Thermal Physics, by Kittel and Kroemer: A great introductory statistical thermodynamics book. The derivations are simple, the applications and examples are numerous, and the exercises are challenging, but interesting. There’s a lot to be praised about their early introduction of simple ideas with powerful results, such as the partition function. Still, a caveat: at times, the content can be a bit confusingly organized, in that certain fundamental topics are scattered in many different places, de-emphasizing their importance. This may be more salient to me because I hadn’t taken a formal classical thermodynamics course beforehand, so I didn’t know about such important things as the Maxwell relations, which are only briefly mentioned in passing on one page of this book.

ANSI Common Lisp, by Paul Graham: I haven’t finished it yet (not even close), but so far, it’s a very readable introduction to Lisp, which is a pretty neat programming language. It’s normally pretty hard to learn, because you have to think differently when you want to program in it (as opposed to, say, C or C++), and it’s a bit difficult to pick up at first. This book makes it a lot less painful, and gives good exercises for the reader.

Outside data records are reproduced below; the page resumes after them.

(* In L2(P) the loss is a quadratic form in (f(X), g(Z)).  Because mu(X) and
   eta(Z) are conditional expectations, Y - mu(X) is orthogonal to functions of X
   and Y - eta(Z) to functions of Z; hence, with t = m / (m + n lam), the
   first-order part of the loss around (mu, t mu + (1 - t) eta) vanishes, and
   L(f, g) - L(mu, t mu + (1 - t) eta) = (n/N)|a|^2 + (m/N)|b - a|^2 + lam (n/N)|b|^2
   for a = f - mu, b = g - (t mu + (1 - t) eta).  That point lies in F x G by
   convexity, so the minimiser (fstar, gstar) equals it in L2, and for every
   (f, g) the excess loss is |e_f|^2 + k |e_g|^2 - 2 (m/N) <e_f, e_g> with
   k = (m + n lam)/N, while |f - mu| = |e_f|.  Averaging over the data, bounding
   the averaged cross moment by rho |e_f| |e_g| and completing the square in |e_g|
   gives gamma E|e_f|^2 <= E[excess].  Nothing but measurability is needed of
   the data. *)

From HB Require Import structures.
From mathcomp Require Import all_boot all_order all_algebra.
From mathcomp Require Import all_classical all_reals all_analysis.
From mathcomp Require Import ring lra measurable_realfun.
Import Order.TTheory GRing.Theory Num.Theory.
Local Open Scope classical_set_scope.
Local Open Scope ring_scope.

Lemma discr_le_of_quadratic_ge0 {R : realFieldType} (a b c : R) : 0 <= b ->
  (forall t, 0 <= a - 2 * t * c + t ^+ 2 * b) -> c ^+ 2 <= a * b.
Proof.
move=> b0 q_ge0; have [b_gt0|b_le0] := ltP 0 b.
  have := q_ge0 (c / b).
  rewrite (_ : _ - _ + _ = (a * b - c ^+ 2) / b); last by field; exact: lt0r_neq0.
  by rewrite pmulr_lge0 ?invr_gt0 // subr_ge0.
have b_eq0 : b = 0 by apply/eqP; rewrite eq_le b_le0 b0.
rewrite b_eq0 in q_ge0 *; have [->|c_neq0] := eqVneq c 0; first by rewrite expr0n mulr0.
have := q_ge0 ((a + 1) / (2 * c)); rewrite mulr0 addr0.
by rewrite (_ : 2 * _ * c = a + 1); [lra | field].
Qed.

Section L2_inner_product.
Context {R : realType} {d : measure_display} {T : measurableType d}
  (mu : {measure set T -> \bar R}).

Lemma integrable_le_normD {f g1 g2 : T -> R} :
  mu.-integrable setT (fun x => (g1 x)%:E) -> mu.-integrable setT (fun x => (g2 x)%:E) ->
  measurable_fun setT f -> (forall x, `|f x| <= `|g1 x| + `|g2 x|) -> mu.-integrable setT (fun x => (f x)%:E).
Proof.
move=> i1 i2 mf fg.
apply: (le_integrable measurableT _ _ (integrableD measurableT
  (integrable_abse i1) (integrable_abse i2))); first exact/measurable_EFinP.
by move=> x _ /=; rewrite lee_fin [X in (_ <= X)%R]ger0_norm ?addr_ge0.
Qed.

Lemma ge0_integrable_lty {f : T -> R} : measurable_fun setT f -> (forall x, 0 <= f x) ->
  (\int[mu]_x (f x)%:E < +oo)%E -> mu.-integrable setT (fun x => (f x)%:E).
Proof.
move=> mf f0 foo; apply/integrableP; split; first exact/measurable_EFinP.
by under eq_integral do rewrite gee0_abs ?lee_fin //.
Qed.

Definition L2 (u : T -> R) : Prop :=
  measurable_fun setT u /\ (\int[mu]_x ((u x) ^+ 2)%:E < +oo)%E.

Definition dotL2 (u v : T -> R) : R := fine (\int[mu]_x (u x * v x)%:E)%E.

Lemma L2_integrable_sqr {u : T -> R} : L2 u ->
  mu.-integrable setT (fun x => ((u x) ^+ 2)%:E).
Proof.
move=> [mu_ u2]; apply: ge0_integrable_lty => // [|x]; last exact: sqr_ge0.
exact: measurable_funX.
Qed.

Lemma L2_integrableM {u v : T -> R} : L2 u -> L2 v ->
  mu.-integrable setT (fun x => (u x * v x)%:E).
Proof.
move=> hu hv; apply: (integrable_le_normD (L2_integrable_sqr hu) (L2_integrable_sqr hv)).
  by apply: measurable_funM; [exact: hu.1 | exact: hv.1].
move=> x; rewrite normrM (ger0_norm (sqr_ge0 (u x))) (ger0_norm (sqr_ge0 (v x))).
have := sqr_ge0 (`|u x| - `|v x|); rewrite sqrrB !real_normK ?num_real //.
have := sqr_ge0 (u x); have := sqr_ge0 (v x); lra.
Qed.

Lemma L2_le {u v h : T -> R} (a b : R) : L2 u -> L2 v -> measurable_fun setT h ->
  0 <= a -> 0 <= b -> (forall x, `|h x| <= a * `|u x| + b * `|v x|) -> L2 h.
Proof.
move=> hu hv mh a0 b0 hb; split => //.
have sqr_bound x : h x ^+ 2 <= 2 * a ^+ 2 * u x ^+ 2 + 2 * b ^+ 2 * v x ^+ 2.
  have : h x ^+ 2 <= (a * `|u x| + b * `|v x|) ^+ 2.
    by rewrite -(real_normK (num_real (h x))) ler_sqr ?nnegrE ?addr_ge0 ?mulr_ge0.
  have := sqr_ge0 (a * `|u x| - b * `|v x|).
  by rewrite sqrrB sqrrD !exprMn !real_normK ?num_real //; lra.
have : mu.-integrable setT (fun x => ((h x) ^+ 2)%:E).
  apply: (le_integrable measurableT _ _ (integrableD measurableT
    (integrableZl measurableT (2 * a ^+ 2) (L2_integrable_sqr hu))
    (integrableZl measurableT (2 * b ^+ 2) (L2_integrable_sqr hv)))).
    exact/measurable_EFinP/measurable_funX.
  move=> x _ /=; rewrite lee_fin ger0_norm ?sqr_ge0 //.
  by rewrite (le_trans (sqr_bound x)) // ler_norm.
by move/integrableP => [_]; under eq_integral do rewrite gee0_abs ?lee_fin ?sqr_ge0 //.
Qed.

Lemma L2D {u v : T -> R} : L2 u -> L2 v -> L2 (fun x => u x + v x).
Proof.
move=> hu hv; apply: (L2_le 1 1 hu hv _ ler01 ler01) => [|x].
  by apply: measurable_funD; [exact: hu.1 | exact: hv.1].
by rewrite !mul1r ler_normD.
Qed.

Lemma L2B {u v : T -> R} : L2 u -> L2 v -> L2 (fun x => u x - v x).
Proof.
move=> hu hv; apply: (L2_le 1 1 hu hv _ ler01 ler01) => [|x].
  by apply: measurable_funB; [exact: hu.1 | exact: hv.1].
by rewrite !mul1r ler_normB.
Qed.

Lemma L2Z (c : R) {u : T -> R} : L2 u -> L2 (fun x => c * u x).
Proof.
move=> hu; apply: (L2_le `|c| 0 hu hu _ (normr_ge0 c) (lexx 0)) => [|x].
  by apply: measurable_funM => //; exact: hu.1.
by rewrite mul0r addr0 normrM.
Qed.

Lemma L2_ae {u1 u2 : T -> R} : L2 u1 -> measurable_fun setT u2 ->
  {ae mu, forall x, u1 x = u2 x} -> L2 u2.
Proof.
move=> [m1 s1] m2 ae; split => //.
rewrite (ae_eq_integral (fun x => ((u1 x) ^+ 2)%:E)) //.
- exact/measurable_EFinP/measurable_funX.
- exact/measurable_EFinP/measurable_funX.
- by apply: filterS ae => x h _; rewrite h.
Qed.

Lemma dotL2E {u v : T -> R} : L2 u -> L2 v ->
  (\int[mu]_x (u x * v x)%:E = (dotL2 u v)%:E)%E.
Proof. by move=> hu hv; rewrite fineK // integrable_fin_num // L2_integrableM. Qed.

Lemma dotL2_sqrE {u : T -> R} : L2 u ->
  (\int[mu]_x ((u x) ^+ 2)%:E = (dotL2 u u)%:E)%E.
Proof. by move=> hu; under eq_integral do rewrite expr2; exact: dotL2E. Qed.

Lemma dotL2C (u v : T -> R) : dotL2 u v = dotL2 v u.
Proof. by rewrite /dotL2; under eq_integral do rewrite mulrC. Qed.

Lemma dotL2_ge0 (u : T -> R) : 0 <= dotL2 u u.
Proof. by rewrite fine_ge0 // integral_ge0 // => x _; rewrite lee_fin -expr2 sqr_ge0. Qed.

Lemma eq_dotL2 (u1 v1 u2 v2 : T -> R) : (forall x, u1 x * v1 x = u2 x * v2 x) ->
  dotL2 u1 v1 = dotL2 u2 v2.
Proof. by move=> e; rewrite /dotL2; under eq_integral do rewrite e. Qed.

Lemma ae_eq_dotL2 {u1 u2 : T -> R} (h : T -> R) : L2 u1 -> L2 u2 -> L2 h ->
  {ae mu, forall x, u1 x = u2 x} -> dotL2 u1 h = dotL2 u2 h.
Proof.
move=> h1 h2 hh ae; rewrite /dotL2; congr fine; apply: ae_eq_integral => //.
- by apply/measurable_EFinP/measurable_funM; [exact: h1.1 | exact: hh.1].
- by apply/measurable_EFinP/measurable_funM; [exact: h2.1 | exact: hh.1].
- by apply: filterS ae => x ->.
Qed.

Lemma dotL2Dl {u v h : T -> R} : L2 u -> L2 v -> L2 h ->
  dotL2 (fun x => u x + v x) h = dotL2 u h + dotL2 v h.
Proof.
move=> hu hv hh; rewrite /dotL2.
under eq_integral do rewrite mulrDl EFinD.
rewrite integralD //; try exact: L2_integrableM.
by rewrite fineD // integrable_fin_num // L2_integrableM.
Qed.

Lemma dotL2Bl {u v h : T -> R} : L2 u -> L2 v -> L2 h ->
  dotL2 (fun x => u x - v x) h = dotL2 u h - dotL2 v h.
Proof.
move=> hu hv hh; rewrite /dotL2.
under eq_integral do rewrite mulrBl EFinB.
rewrite integralB //; try exact: L2_integrableM.
by rewrite fineB // integrable_fin_num // L2_integrableM.
Qed.

Lemma dotL2Zl (c : R) {u h : T -> R} : L2 u -> L2 h ->
  dotL2 (fun x => c * u x) h = c * dotL2 u h.
Proof.
move=> hu hh; rewrite /dotL2.
under eq_integral do rewrite -mulrA EFinM.
rewrite integralZl //; last exact: L2_integrableM.
by rewrite fineM // integrable_fin_num // L2_integrableM.
Qed.

Lemma dotL2Dr {u v h : T -> R} : L2 u -> L2 v -> L2 h ->
  dotL2 h (fun x => u x + v x) = dotL2 h u + dotL2 h v.
Proof. by move=> *; rewrite dotL2C dotL2Dl // ![dotL2 _ h]dotL2C. Qed.

Lemma dotL2Br {u v h : T -> R} : L2 u -> L2 v -> L2 h ->
  dotL2 h (fun x => u x - v x) = dotL2 h u - dotL2 h v.
Proof. by move=> *; rewrite dotL2C dotL2Bl // ![dotL2 _ h]dotL2C. Qed.

Lemma dotL2Zr (c : R) {u h : T -> R} : L2 u -> L2 h ->
  dotL2 h (fun x => c * u x) = c * dotL2 h u.
Proof. by move=> *; rewrite dotL2C dotL2Zl // dotL2C. Qed.

Lemma dotL2_sqrB {u v : T -> R} : L2 u -> L2 v ->
  dotL2 (fun x => u x - v x) (fun x => u x - v x) =
  dotL2 u u - 2 * dotL2 u v + dotL2 v v.
Proof.
move=> hu hv; rewrite dotL2Bl ?dotL2Br //; try exact: L2B.
by rewrite [dotL2 v u]dotL2C; ring.
Qed.

Lemma dotL2_sqrD {u v : T -> R} : L2 u -> L2 v ->
  dotL2 (fun x => u x + v x) (fun x => u x + v x) =
  dotL2 u u + 2 * dotL2 u v + dotL2 v v.
Proof.
move=> hu hv; rewrite dotL2Dl ?dotL2Dr //; try exact: L2D.
by rewrite [dotL2 v u]dotL2C; ring.
Qed.

Lemma dotL2_polarization {u v : T -> R} : L2 u -> L2 v ->
  dotL2 u v = (dotL2 (fun x => u x + v x) (fun x => u x + v x)
               - dotL2 (fun x => u x - v x) (fun x => u x - v x)) / 4.
Proof. by move=> hu hv; rewrite dotL2_sqrD // dotL2_sqrB //; field. Qed.

Lemma dotL2_CS {u v : T -> R} : L2 u -> L2 v ->
  dotL2 u v ^+ 2 <= dotL2 u u * dotL2 v v.
Proof.
move=> hu hv; apply: discr_le_of_quadratic_ge0 => [|t]; first exact: dotL2_ge0.
have htv := L2Z t hv; have := dotL2_ge0 (fun x => u x - t * v x).
rewrite dotL2_sqrB ?dotL2Zl ?dotL2Zr ?dotL2Zl //.
by rewrite -!mulrA mulrCA (mulrA t) -expr2.
Qed.

Lemma dotL2_null {z : T -> R} (h : T -> R) : L2 z -> L2 h ->
  dotL2 z z = 0 -> dotL2 z h = 0.
Proof.
move=> hz hh z0; have := dotL2_CS hz hh; rewrite z0 mul0r => zh.
by apply/eqP; rewrite -sqrf_eq0 eq_le zh sqr_ge0.
Qed.

End L2_inner_product.

Ltac L2_closure := repeat first [assumption | apply: L2B | apply: L2D | apply: L2Z].

Lemma L2_integrable {R : realType} {d : measure_display} {T : measurableType d}
  (mu : {finite_measure set T -> \bar R}) {u : T -> R} :
  L2 mu u -> mu.-integrable setT (fun x => (u x)%:E).
Proof.
move=> hu; apply: (integrable_le_normD mu (finite_measure_integrable_cst mu 1 measurableT)
  (L2_integrable_sqr mu hu) hu.1) => x.
rewrite normr1 (ger0_norm (sqr_ge0 (u x))) -(real_normK (num_real (u x))).
have := sqr_ge0 (`|u x| - 1); rewrite sqrrB expr1n mulr1 mulr2n.
by have := sqr_ge0 `|u x|; lra.
Qed.

Lemma L2_inL2 {R : realType} {d : measure_display} {Om : measurableType d}
  {P : probability Om R} {dT : measure_display} {T : measurableType dT}
  {V : Om -> T} {h : T -> R} :
  measurable_fun setT V -> inL2 P V h -> L2 P (fun w => h (V w)).
Proof. by move=> mV [mh h2]; split => //; exact: measurableT_comp. Qed.

Section preimage_integrals.
Context {R : realType} {d : measure_display} {Om : measurableType d}
  (P : {measure set Om -> \bar R}) {dT : measure_display} {T : measurableType dT}
  (V : Om -> T) (mV : measurable_fun setT V).
Local Open Scope ereal_scope.
Import HBNNSimple.

Let measurable_preimage {B : set T} : measurable B -> measurable (V @^-1` B).
Proof. by move=> mB; rewrite -[X in measurable X]setTI; exact: mV. Qed.

Lemma integral_nnsfun_compM (s : {nnsfun T >-> R}) (p : Om -> R) :
  measurable_fun setT p -> (forall w, (0 <= p w)%R) ->
  \int[P]_w (s (V w) * p w)%:E =
  \sum_(y \in range s) (y%:E * \int[P]_(w in V @^-1` (s @^-1` [set y])) (p w)%:E).
Proof.
move=> mp p0.
have mB y : measurable (V @^-1` (s @^-1` [set y])).
  by apply: measurable_preimage; exact: measurable_sfunP.
transitivity (\int[P]_w (\sum_(y \in range s)
   (y * (\1_(V @^-1` (s @^-1` [set y])) w * p w))%:E)).
  apply: eq_integral => w _; rewrite fsumEFin //; congr EFin.
  by rewrite fimfunE mulr_fsuml; apply: eq_fsbigr => y _; rewrite mulrA.
rewrite ge0_integral_fsum //; last 2 first.
- move=> y; apply/measurable_EFinP/measurable_funM => //.
  exact/measurable_funM/mp/measurable_indic.
- move=> y w _; rewrite lee_fin.
  have [|/negP yr] := boolP (y \in range s).
    by rewrite inE => -[t _ <-]; rewrite !mulr_ge0.
  rewrite indicE; have [|_] := boolP (w \in _); last by rewrite !mul0r mulr0.
  by rewrite inE /= => sy; exfalso; apply: yr; rewrite inE; exists (V w).
apply: eq_fsbigr => y; rewrite inE => -[t _ <-].
under eq_integral do rewrite EFinM.
rewrite ge0_integralZl //; last 3 first.
- exact/measurable_EFinP/measurable_funM/mp/measurable_indic.
- by move=> w _; rewrite lee_fin mulr_ge0.
- by rewrite lee_fin.
congr (_ * _); rewrite [RHS]integral_mkcond; apply: eq_integral => w _.
by rewrite patchE indicE; case: (boolP (w \in _)) => _; rewrite ?mul1r ?mul0r.
Qed.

Advanced Mathematical Methods for Scientists and Engineers: Asymptotic Methods and Perturbation Theory, Bender and Orszag: This is a wonderful mathematics textbook on how to do approximate analysis of dynamical systems. A good mix of hard and easy topics. Very useful, too.

A Genetic Switch by Mark Ptashne: This textbook is a very nice overview of one marvelous biological system, the lysis repressor switch of bacteriophage lambda. It’s a great, very short book with lots of pictures and diagrams, and very understandable. A bacteriophage is simply a virus that attacks bacteria, and many of them often have a system in which the virus is latent in the bacterium until some stimulus (often UV damage of the bacterial DNA) triggers it to start reproducing “lytically” (i.e. until the bacterium bursts). Biology had to solve a difficult engineering problem, which was to make the switch quick and sensitive to the stimuli you want, but robust enough that it wouldn’t accidentally be triggered. This book details in a very easy and colloquial fashion how evolution has solved this problem in the case of phage lambda. It’s fascinating to see how each additional layer of complexity on the genetic switch serves to fix a slight problem, to tweak the system and make it just a bit more efficient. The only problem is that at times, the book assumes a bit of molecular biology knowledge that the intended audience (intro high school and undergraduates) may not have.